Hoe dichter de vertakking, hoe beter. Dat geldt zowel horizontaal als verticaal. De takken van planten die naast elkaar staan, moeten zoveel mogelijk in elkaar grijpen. Dan pas ontstaat een goede gesloten haag. Door snoei is daar veel aan te doen, maar niet alles. Om te beginnen moeten de planten niet te ver van elkaar worden geplant. Na het inplanten moeten de jonge planten direct worden ingekort, om ze vanaf het begin te dwingen ook onderin uit te lopen. Zo vormen ze een gesloten haag tot vlak boven de grond.

Een oude haag renoveren

Dat moet in etappes gebeuren. Snoei nooit alles ineens. Als een haag heel sterk qua breedte moet worden teruggebracht, is het aan te raden de top op de gewenste hoogte te snoeien en daarna één lange kant diep in te snoeien. Laat de andere kant in datzelfde jaar met rust. Die zijde komt het jaar erop op dezelfde manier aan de beurt. Zorg dat je bij soorten die dat niet verdragen, nooit tot achter het groen snoeit (zeker niet bij coniferen). Zo houdt de haag naderhand geen kale takken over.
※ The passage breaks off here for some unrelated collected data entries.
Definition is_pos_equilibrium a p q mu u v : Prop :=
  is_equilibrium a p q mu u v /\ positive_vec u /\ positive_vec v.

Definition u0 (p q : 'I_n -> R) : 'I_n -> R := fun i => if q i < p i then p i else 0.
Definition v0 (p q : 'I_n -> R) : 'I_n -> R := fun i => if p i < q i then q i else 0.

End Defs.

From HB Require Import structures.
From mathcomp Require Import all_boot all_order all_algebra.
From mathcomp Require Import reals ring lra.
From Stdlib Require Import FunctionalExtensionality.
Import Order.TTheory GRing.Theory Num.Theory.
Local Open Scope ring_scope.
Set Implicit Arguments. Unset Strict Implicit. Unset Printing Implicit Defensive.

(* At every site exactly one species "dominates" (has the larger resource).
   The proof has three parts.
   1. A priori localization (equilibrium_localized): by a maximum principle
      positive equilibria are bounded uniformly in mu <= 1, and then the site
      equations force, for mu small, the dominant density within rho of its
      resource and the other density within rho of 0.
   2. Existence and uniqueness (unique_pos_equilibrium): solving each site
      equation for the own density gives a map `update` which, for mu small,
      maps a box around the limiting profile into itself and halves a weighted
      sup-distance; Banach's theorem on a box (BoxContraction) yields a unique
      fixed point there.  Fixed points are equilibria, positive by
      irreducibility, and by part 1 every positive equilibrium is in the box.
   3. Convergence (equilibrium_limit) is part 1 with rho = eps / 2. *)

(* The candidate limit of a real sequence x with Cauchy rate e: the supremum
   of its lower envelopes x k - e k. *)
Definition rate_limit (R : realType) (x e : nat -> R) : R :=
  sup (fun y : R => exists k, y = x k - e k).

Lemma rate_limitP (R : realType) (x e : nat -> R) :
  (forall k m, (k <= m)%N -> `|x m - x k| <= e k) ->
  forall k, `|rate_limit x e - x k| <= e k.
Proof.
move=> Hx k; pose S := fun y : R => exists k, y = x k - e k.
have lower_le_upper j y : S y -> y <= x j + e j.
  move=> [i ->].
  have /ler_normlP [? ?] := Hx i (maxn j i) (leq_maxr _ _).
  have /ler_normlP [? ?] := Hx j (maxn j i) (leq_maxl _ _).
  lra.
apply/ler_normlP; split.
- have : x k - e k <= sup S.
    apply: ub_le_sup; last by exists k.
    by exists (x 0%N + e 0%N) => y /lower_le_upper.
  rewrite /rate_limit -/S; lra.
- have : sup S <= x k + e k.
    apply: ge_sup; first by exists (x 0%N - e 0%N), 0%N.
    by move=> y /lower_le_upper.
  rewrite /rate_limit -/S; lra.
Qed.

Lemma geometric_small (R : realType) (c e : R) : 0 < e -> exists k : nat, c / 2 ^+ k < e.
Proof.
move=> e0; have [c0|c0] := lerP c 0.
  by exists 0%N; rewrite expr0 divr1; lra.
have ce0 : 0 <= c / e by rewrite divr_ge0 // ltW.
exists (Num.Def.archi_bound (c / e)); set k := Num.Def.archi_bound _.
have ltk : c / e < k%:R := archi_boundP ce0.
have k_lt_pow : (k%:R : R) < 2 ^+ k by rewrite -natrX ltr_nat ltn_expl.
have pow0 : 0 < (2 : R) ^+ k by rewrite exprn_gt0.
by rewrite ltr_pdivrMr // -ltr_pdivrMl // mulrC; lra.
Qed.

Lemma le_of_geometric (R : realType) (x y c : R) :
  (forall k : nat, x <= y + c / 2 ^+ k) -> x <= y.
Proof.
move=> H; rewrite leNgt; apply/negP => yx.
have [k hk] := @geometric_small R c (x - y) ltac:(rewrite subr_gt0 //).
have := H k; lra.
Qed.

(* Banach's fixed-point theorem in the form needed here: a map F on a box
   [lo, hi] of R^T that halves the weighted sup-distance (weights w) has
   exactly one fixed point in the box. *)
Section BoxContraction.
Variables (R : realType) (T : Type) (lo hi w : T -> R) (D0 : R).
Variable F : (T -> R) -> (T -> R).

Definition in_box (x : T -> R) := forall t, lo t <= x t <= hi t.
Definition close (x y : T -> R) (D : R) := forall t, `|x t - y t| <= D * w t.

Hypothesis D0_ge0 : 0 <= D0.
Hypothesis box_diam : forall x y, in_box x -> in_box y -> close x y D0.
Hypothesis F_box : forall x, in_box x -> in_box (F x).
Hypothesis F_contr : forall x y D, in_box x -> in_box y -> 0 <= D ->
  close x y D -> close (F x) (F y) (D / 2).

Lemma iter_box k x : in_box x -> in_box (iter k F x).
Proof. by move=> Bx; elim: k => [|k IH] //=; apply: F_box. Qed.

Lemma iter_close k x y : in_box x -> in_box y ->
  close (iter k F x) (iter k F y) (D0 / 2 ^+ k).
Proof.
move=> Bx By; elim: k => [|k IH] /=; first by rewrite expr0 divr1; exact: box_diam.
rewrite exprSr invfM mulrA.
apply: F_contr IH; rewrite ?divr_ge0 ?exprn_ge0 //; exact: iter_box.
Qed.

Lemma close_geometric_eq x y :
  (forall k, close x y (D0 / 2 ^+ k)) -> x = y.
Proof.
move=> H; apply: functional_extensionality => t; apply/eqP; rewrite -subr_eq0.
rewrite -normr_le0; apply: (@le_of_geometric _ _ _ (D0 * w t)) => k.
by rewrite add0r mulrAC; exact: H.
Qed.

Lemma box_fixpoint_unique x y : in_box x -> in_box y -> F x = x -> F y = y -> x = y.
Proof.
move=> Bx By Fx Fy; apply: close_geometric_eq => k.
have fixed z : F z = z -> iter k F z = z by move=> Fz; elim: k => //= k ->.
by rewrite -(fixed x Fx) -(fixed y Fy); exact: iter_close.
Qed.

Lemma box_fixpoint_exists x0 : in_box x0 -> exists x, in_box x /\ F x = x.
Proof.
move=> B0; pose xs k := iter k F x0.
have xs_cauchy t k m : (k <= m)%N -> `|xs m t - xs k t| <= D0 / 2 ^+ k * w t.
  move=> km; rewrite /xs -(subnKC km) iterD distrC.
  exact: (iter_close k B0 (iter_box _ B0) t).
pose l_at t := rate_limit (xs^~ t) (fun k => D0 / 2 ^+ k * w t).
have Hl t k : `|l_at t - xs k t| <= D0 / 2 ^+ k * w t.
  exact: rate_limitP (xs_cauchy t) k.
have Bl : in_box l_at.
  move=> t; apply/andP; split; apply: (@le_of_geometric _ _ _ (D0 * w t)) => k;
    have /andP [? ?] : lo t <= xs k t <= hi t := iter_box k B0 t; have /ler_normlP [? ?] := Hl t k;
    rewrite mulrAC; lra.
exists l_at; split => //; apply: close_geometric_eq => k t.
have step : close (F l_at) (xs k.+1) (D0 / 2 ^+ k / 2).
  by apply: F_contr (Hl^~ k) => //; [exact: iter_box | rewrite divr_ge0 ?exprn_ge0].
have half : D0 / 2 ^+ k.+1 = D0 / 2 ^+ k / 2 by rewrite exprSr invfM mulrA.
have /ler_normlP [? ?] := step t.
have := Hl t k.+1; rewrite half => /ler_normlP [? ?].
by apply/ler_normlP; split; lra.
Qed.

End BoxContraction.

Section Dispersal.
Variables (R : realType) (n : nat) (a : 'I_n -> 'I_n -> R).

Definition inflow (w : 'I_n -> R) i := \sum_(j | j != i) a i j * w j.
Definition outrate i := \sum_(k | k != i) a k i.
(* A common bound for all row and column sums of |a|. *)
Definition dispersal_bound := \sum_i \sum_j `|a i j|.

Lemma conn_matrix_mulE w i :
  \sum_j conn_matrix a i j * w j = inflow w i - outrate i * w i.
Proof.
rewrite (bigD1 i) //= mxE eqxx addrC mulNr; congr (_ - _).
by apply: eq_bigr => j ji; rewrite mxE eq_sym (negbTE ji).
Qed.

Lemma dispersal_bound_ge0 : 0 <= dispersal_bound.
Proof. by apply: sumr_ge0 => i _; apply: sumr_ge0 => j _. Qed.

Lemma psum_le_sum (F : 'I_n -> R) (P : pred 'I_n) :
  (forall j, 0 <= F j) -> \sum_(j | P j) F j <= \sum_j F j.
Proof. by move=> F0; rewrite [X in _ <= X](bigID P) /= lerDl sumr_ge0. Qed.

Lemma abs_row_le i : \sum_j `|a i j| <= dispersal_bound.
Proof.
rewrite /dispersal_bound [X in _ <= X](bigD1 i) //= lerDl.
by apply: sumr_ge0 => k _; apply: sumr_ge0.
Qed.

Lemma abs_col_le i : \sum_k `|a k i| <= dispersal_bound.
Proof.
rewrite /dispersal_bound; apply: ler_sum => k _.
by rewrite (bigD1 i) //= lerDl sumr_ge0.
Qed.

Lemma inflow_sub w w' i : inflow w i - inflow w' i = inflow (fun j => w j - w' j) i.
Proof. by rewrite /inflow -sumrB; apply: eq_bigr => j _; rewrite mulrBr. Qed.

Lemma inflow_norm_le w W i : 0 <= W -> (forall j, `|w j| <= W) ->
  `|inflow w i| <= dispersal_bound * W.
Proof.
move=> W0 hw; apply: le_trans (ler_norm_sum _ _ _) _.
apply: (le_trans (y := \sum_(j | j != i) `|a i j| * W)).
  by apply: ler_sum => j _; rewrite normrM ler_wpM2l.
rewrite -mulr_suml ler_wpM2r //.
exact: le_trans (psum_le_sum _ (fun j => normr_ge0 _)) (abs_row_le i).
Qed.

Hypothesis a_ge0 : forall i j, i != j -> 0 <= a i j.

Lemma outrate_ge0 i : 0 <= outrate i.
Proof. by apply: sumr_ge0 => k ki; exact: a_ge0. Qed.

Lemma outrate_le i : outrate i <= dispersal_bound.
Proof.
apply: le_trans (abs_col_le i).
apply: le_trans (psum_le_sum _ (fun k => normr_ge0 (a k i))).
by apply: ler_sum => k _; exact: ler_norm.
Qed.

Lemma outrate_bounds i : 0 <= outrate i <= dispersal_bound.
Proof. by rewrite outrate_ge0 outrate_le. Qed.

Lemma inflow_ge0 w i : (forall j, 0 <= w j) -> 0 <= inflow w i.
Proof.
by move=> w0; apply: sumr_ge0 => j ji; rewrite mulr_ge0 // a_ge0 // eq_sym.
Qed.

Lemma inflow_le w W i : (forall j, 0 <= w j <= W) -> inflow w i <= dispersal_bound * W.
Proof.
move=> hw; have W0 : 0 <= W by case/andP: (hw i) => /le_trans; apply.
have := @inflow_norm_le w W i W0.
rewrite ger0_norm; last by apply: inflow_ge0 => j; case/andP: (hw j).
by apply => j; case/andP: (hw j) => h1 h2; rewrite ger0_norm.
Qed.

End Dispersal.

Section SpeciesEquation.
Variables (R : realType) (n : nat) (a : 'I_n -> 'I_n -> R).
Hypothesis a_ge0 : forall i j, i != j -> 0 <= a i j.

Definition species_eq (r u v : 'I_n -> R) (mu : R) := forall i,
  mu * (inflow a u i - outrate a i * u i) + u i * (r i - u i - v i) = 0.

Lemma equilibriumE p q mu u v :
  is_equilibrium a p q mu u v <-> species_eq p u v mu /\ species_eq q v u mu.
Proof.
have swap i : q i - v i - u i = q i - u i - v i by ring.
split=> [E|[Eu Ev] i].
  by split=> i; have [Eu Ev] := E i; rewrite -conn_matrix_mulE // swap.
by rewrite !conn_matrix_mulE -swap; split; [exact: Eu | exact: Ev].
Qed.

(* Maximum principle: at a site k where u is maximal the inflow is at most
   dispersal_bound * u_k, so u_k <= r_k + dispersal_bound. *)
Lemma species_upper_bound r u v mu :
  0 < mu -> mu <= 1 -> (forall i, 0 <= r i) -> positive_vec u ->
  (forall i, 0 <= v i) -> species_eq r u v mu ->
  forall j, u j <= \sum_i r i + dispersal_bound a.
Proof.
move=> mu0 mu1 r0 u0 v0 E j.
have [k _ umax] := @arg_maxP _ _ _ j xpredT u isT.
have Ek := E k.
have umax' i : u i <= u k by exact: umax.
have in0 : 0 <= inflow a u k by apply: inflow_ge0 => // i; exact: ltW.
have in_le : inflow a u k <= dispersal_bound a * u k.
  by apply: inflow_le => // i; rewrite umax' ltW.
have out0 : 0 <= mu * (outrate a k * u k) by rewrite !mulr_ge0 ?outrate_ge0 ?ltW.
have : u k * (u k + v k - r k) <= u k * dispersal_bound a.
  have -> : u k * (u k + v k - r k) = mu * (inflow a u k - outrate a k * u k).
    by rewrite -[RHS]subr0 -Ek; ring.
  have : mu * inflow a u k <= 1 * inflow a u k by rewrite ler_wpM2r.
  rewrite mulrC; nra.
rewrite ler_pM2l // => hk.
have : r k <= \sum_i r i by rewrite (bigD1 k) //= lerDl sumr_ge0.
have := umax' j; have := v0 k; lra.
Qed.

(* Irreducibility propagates positivity: a nonnegative solution that is
   positive somewhere is positive everywhere, since a zero of u at k forces
   u to vanish at every j with a_kj <> 0. *)
Lemma species_positive r u v mu :
  0 < mu -> irreducible_mx (conn_matrix a) -> species_eq r u v mu ->
  (forall i, 0 <= u i) -> (exists i0, 0 < u i0) -> positive_vec u.
Proof.
move=> mu0 irr E u0 [i0 ui0] i.
rewrite lt_neqAle u0 andbT eq_sym; apply/negP => /eqP ui_eq0.
pose Z := [set k | u k == 0].
have Z0 : Z != set0 by apply/set0Pn; exists i; rewrite inE ui_eq0.
have ZT : Z != [set: 'I_n].
  by apply/negP => /eqP ZT; move: (in_setT i0); rewrite -ZT inE gt_eqF.
have [k [j [kZ jZ akj]]] := irr Z Z0 ZT.
have kj : k != j by apply: contraNneq jZ => <-.
move: akj kZ; rewrite mxE (negbTE kj) inE => akj /eqP uk.
have := E k; rewrite uk mul0r addr0 mulr0 subr0 => /eqP.
rewrite mulf_eq0 gt_eqF //= => /eqP in_k.
have terms_ge0 l : l != k -> 0 <= a k l * u l by move=> lk; rewrite mulr_ge0 // a_ge0 // eq_sym.
have jk : j != k by rewrite eq_sym.
have /eqP := psumr_eq0P terms_ge0 in_k jk.
by rewrite mulf_eq0 (negbTE akj) /= => /eqP uj; move: jZ; rewrite inE uj eqxx.
Qed.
Buxus- en andere lage haagjes knippen

Bij lage haagjes moet de schaar omgekeerd worden gebruikt en wordt er in neerwaartse richting geknipt. Dat werkt het handigst. Oude buxushaagjes (en van kleinbladige hulst) zijn te verjongen door ze in het voorjaar sterk terug te snoeien. Verder vooral rond de langste dag knippen, maar om een laag haagje mooi te houden is meestal vaker knippen nodig (niet meer na augustus).

Niet door groot blad knippen!

Sommige haagheesters hebben erg groot blad, laurierkers (Prunus laurocerasus) is een bekend voorbeeld. Het ziet er lelijk uit als zulk blad door ruig knipwerk eenvoudig wordt doorgeknipt. Zulke hagen dus met een snoeischaar knippen.

LET OP: De tijd om bomen en hagen als wortelgoed (wrtg), of met kluit, te planten en aan te schaffen loopt van oktober tot maart, planten in een container kunnen het gehele jaar worden aangeplant!